Il coltello usato dall'aggressore in Duomo

Il corpo a corpo degli agenti con l'aggressore

"Il coltello è una delle armi più pericolose che ci sono attualmente in giro", ci spiega una nostra fonte. Non solo è di facile reperibilità, ma fa molti danni quando viene affondato un colpo. Quando un agente decide per il corpo a corpo sa benissimo dei rischi (alti) che corre nel farlo. Per questo non si può che lodare l'intervento dei due poliziotti-eroi che ieri pomeriggio hanno liberato la guardia giurata dalle grinfie di Mohamed Zin. Per loro è un film che rivovono tutti i giorni: sacrificare la propria vita per uno stipendio che certamente non vale il rischio di rimanere gravemente feriti se non addirittura di perdere la vita. "L'intervento di Milano, conclusosi nel migliore dei modi, ha consentito a tutti di osservare con quale elevata professionalità, prontezza e cura operano quotidianamente i poliziotti", ci fa notare Valter Mazzetti, segretario generale dell'Fsp Polizia di Stato. "Queste sono qualità che contraddistinguono questo lavoro ovunque ogni giorno - continua - ma si deve anche capire che ogni intervento ha in sé delle variabili, dei rischi, dei fattori imprevedibili che non consentono di stabilire a priori cosa accadrà. Per questo - conclude - è assurdo pensare di giudicare o peggio contestare un poliziotto solo dal buon esito della miriade di interventi che si affrontano quotidianamente, nelle condizioni più disparate e con soggetti diversissimi".

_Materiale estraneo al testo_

(* Let $\mathcal{C}$ and $\mathcal{D}$ be categories, let $R$ be a monad on the product category $\mathcal{C}\times\mathcal{D}$ (with unit $\eta$ and Kleisli extension $\mathrm{bind}$), and let $A\in\mathcal{D}$. For $X\in\mathcal{C}$ put $R_{A,1}(X):=\mathrm{pr}_{\mathcal{C}}(R(X,A))$ and $\eta'_X:=\mathrm{pr}_{\mathcal{C}}(\eta_{(X,A)}):X\to R_{A,1}(X)$. For $X,X'\in\mathcal{C}$ and a morphism $f:X\to R_{A,1}(X')$, put $$\mathrm{bind}'(f):=\mathrm{pr}_{\mathcal{C}}\big(\mathrm{bind}(f,\mathrm{pr}_{\mathcal{D}}(\eta_{(X',A)}))\big):R_{A,1}(X)\to R_{A,1}(X'),$$ where $(f,\mathrm{pr}_{\mathcal{D}}(\eta_{(X',A)})):(X,A)\to R(X',A)$ is the morphism of $\mathcal{C}\times\mathcal{D}$ with the indicated components. Then $(R_{A,1},\eta',\mathrm{bind}')$ is a monad on $\mathcal{C}$, i.e. $\mathrm{bind}'(\eta'_X)=\mathrm{id}$, $\mathrm{bind}'(f)\circ\eta'_X=f$, and $\mathrm{bind}'(\mathrm{bind}'(g)\circ f)=\mathrm{bind}'(g)\circ\mathrm{bind}'(f)$ for all $f:X\to R_{A,1}(X')$, $g:X'\to R_{A,1}(X'')$.
   Context: A monad on a category $\mathcal{E}$ is described in Kleisli form: an object $R(X)$ for each object $X$, morphisms $\eta_X:X\to R(X)$, and for each $f:X\to R(Y)$ a morphism $\mathrm{bind}(f):R(X)\to R(Y)$, such that $\mathrm{bind}(\eta_X)=\mathrm{id}_{R(X)}$, $\mathrm{bind}(f)\circ\eta_X=f$, and $\mathrm{bind}(\mathrm{bind}(g)\circ f)=\mathrm{bind}(g)\circ\mathrm{bind}(f)$ (here $\circ$ is the usual composition, $g\circ f$ meaning first $f$ then $g$). $\mathrm{pr}_{\mathcal{C}},\mathrm{pr}_{\mathcal{D}}$ are the projection functors of $\mathcal{C}\times\mathcal{D}$. *)

Set Implicit Arguments.
Set Universe Polymorphism.

Record Category := {
  Ob : Type;
  Hom : Ob -> Ob -> Type;
  cid : forall X, Hom X X;
  comp : forall X Y Z, Hom Y Z -> Hom X Y -> Hom X Z;
  comp_id_l : forall X Y (f : Hom X Y), comp (cid Y) f = f;
  comp_id_r : forall X Y (f : Hom X Y), comp f (cid X) = f;
  comp_assoc : forall X Y Z W (f : Hom X Y) (g : Hom Y Z) (h : Hom Z W),
      comp h (comp g f) = comp (comp h g) f
}.

Arguments cid {c} X.
Arguments comp {c X Y Z} _ _.

Definition prod_Hom (C D : Category) (p q : Ob C * Ob D) : Type :=
  (Hom C (fst p) (fst q) * Hom D (snd p) (snd q))%type.

Definition prod_cid (C D : Category) (p : Ob C * Ob D) : prod_Hom C D p p :=
  (cid (fst p), cid (snd p)).

Definition prod_comp (C D : Category) (p q r : Ob C * Ob D)
  (g : prod_Hom C D q r) (f : prod_Hom C D p q) : prod_Hom C D p r :=
  (comp (fst g) (fst f), comp (snd g) (snd f)).

Lemma prod_comp_id_l (C D : Category) p q (f : prod_Hom C D p q) :
  prod_comp (prod_cid C D q) f = f.
Proof. destruct f; unfold prod_comp, prod_cid; simpl; now rewrite !comp_id_l. Qed.

Lemma prod_comp_id_r (C D : Category) p q (f : prod_Hom C D p q) :
  prod_comp f (prod_cid C D p) = f.
Proof. destruct f; unfold prod_comp, prod_cid; simpl; now rewrite !comp_id_r. Qed.

Lemma prod_comp_assoc (C D : Category) p q r s (f : prod_Hom C D p q)
  (g : prod_Hom C D q r) (h : prod_Hom C D r s) :
  prod_comp h (prod_comp g f) = prod_comp (prod_comp h g) f.
Proof. unfold prod_comp; simpl; now rewrite !comp_assoc. Qed.

Definition prod_cat (C D : Category) : Category :=
  {| Ob := (Ob C * Ob D)%type;
     Hom := prod_Hom C D;
     cid := prod_cid C D;
     comp := prod_comp (C:=C) (D:=D);
     comp_id_l := prod_comp_id_l (C:=C) (D:=D);
     comp_id_r := prod_comp_id_r (C:=C) (D:=D);
     comp_assoc := prod_comp_assoc (C:=C) (D:=D) |}.

Record KleisliMonad (E : Category) := {
  MR : Ob E -> Ob E;
  Meta : forall X, Hom E X (MR X);
  Mbind : forall X Y, Hom E X (MR Y) -> Hom E (MR X) (MR Y);
  Mbind_eta : forall X, Mbind X X (Meta X) = cid (MR X);
  Mbind_comp_eta : forall X Y (f : Hom E X (MR Y)), comp (Mbind X Y f) (Meta X) = f;
  Mbind_bind : forall X Y Z (f : Hom E X (MR Y)) (g : Hom E Y (MR Z)),
      Mbind X Z (comp (Mbind Y Z g) f) = comp (Mbind Y Z g) (Mbind X Y f)
}.

Arguments MR {E} _ _.
Arguments Meta {E} _ X.
Arguments Mbind {E} _ {X Y} _.

Section Restrict.
Variables (C D : Category) (M : KleisliMonad (prod_cat C D)) (A : Ob D).

Definition R_A1 (X : Ob C) : Ob C := fst (MR M (X, A)).

Definition eta' (X : Ob C) : Hom C X (R_A1 X) := fst (Meta M (X, A)).

Definition bind' (X X' : Ob C) (f : Hom C X (R_A1 X')) : Hom C (R_A1 X) (R_A1 X') :=
  fst (@Mbind _ M (X, A) (X', A) (f, snd (Meta M (X', A)))).
End Restrict.

Arguments R_A1 {C D} M A X.
Arguments eta' {C D} M A X.
Arguments bind' {C D} M A {X X'} f.

From Corelib Require Import ssreflect.

(* A morphism f : X -> R_{A,1}(X') of C is lifted to the morphism (f, pr_D eta) of
   C x D.  Such lifts are closed under Kleisli composition, because the D-component
   of bind(G) o (f, pr_D eta) is pr_D (bind(G) o eta) = pr_D G; so the three monad
   laws for bind' are the first components of those for bind. *)

Lemma snd_bind_comp_eta {C D : Category} (M : KleisliMonad (prod_cat C D))
    {p q : Ob C * Ob D} (g : Hom (prod_cat C D) p (MR M q)) :
  comp (snd (Mbind M g)) (snd (Meta M p)) = snd g.
Proof. exact (f_equal snd (Mbind_comp_eta M p q g)). Qed.

Section KleisliLift.
Variables (C D : Category) (M : KleisliMonad (prod_cat C D)) (A : Ob D).

Definition klift (X X' : Ob C) (f : Hom C X (R_A1 M A X')) :
    Hom (prod_cat C D) (X, A) (MR M (X', A)) :=
  (f, snd (Meta M (X', A))).

Arguments klift {X X'} f.

Lemma bind'E (X X' : Ob C) (f : Hom C X (R_A1 M A X')) :
  bind' M A f = fst (Mbind M (klift f)).
Proof. by []. Qed.

Lemma klift_eta' (X : Ob C) : klift (eta' M A X) = Meta M (X, A).
Proof. by rewrite /klift /eta'; case: (Meta M (X, A)). Qed.

Lemma comp_bind_klift (X X' X'' : Ob C) (f : Hom C X (R_A1 M A X'))
    (g : Hom C X' (R_A1 M A X'')) :
  comp (Mbind M (klift g)) (klift f) = klift (comp (bind' M A g) f).
Proof.
by rewrite /= /prod_comp /klift /= (snd_bind_comp_eta M (klift g)).
Qed.

End KleisliLift.

Arguments klift {C D} M A {X X'} f.

Theorem lemma2p2 (C D : Category) (M : KleisliMonad (prod_cat C D)) (A : Ob D) :
  (forall X : Ob C, bind' M A (eta' M A X) = cid (R_A1 M A X)) /\
  (forall (X X' : Ob C) (f : Hom C X (R_A1 M A X')),
      comp (bind' M A f) (eta' M A X) = f) /\
  (forall (X X' X'' : Ob C) (f : Hom C X (R_A1 M A X')) (g : Hom C X' (R_A1 M A X'')),
      bind' M A (comp (bind' M A g) f) = comp (bind' M A g) (bind' M A f)).
Proof.
split; [|split].
- by move=> X; rewrite bind'E klift_eta' Mbind_eta.
- move=> X X' f.
  exact: (f_equal fst (Mbind_comp_eta M (X, A) (X', A) (klift M A f))).
- move=> X X' X'' f g.
  by rewrite [LHS]bind'E -comp_bind_klift Mbind_bind.
Qed.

Dopo essere stato immobilizzato, Mohamed Zin è stato arrestato per reati di sequestro di persona e resistenza a pubblico ufficiale e portato al carcere di San Vittore. Dovrà rispondere anche per i reati di false attestazioni ai pubblici ufficiali e porto di armi e oggetti atti a offendere. Oggi gli è stato pure tolto il permesso di soggiorno.

La revoca è avvenuta su segnalazione del questore milanese e a procedere è stata la Questura di Savona che aveva rilasciato il documento. Sul caso sta comunque indagando la Digos per chiarire meglio i contorni dell'aggressione e i legami dell'egiziano.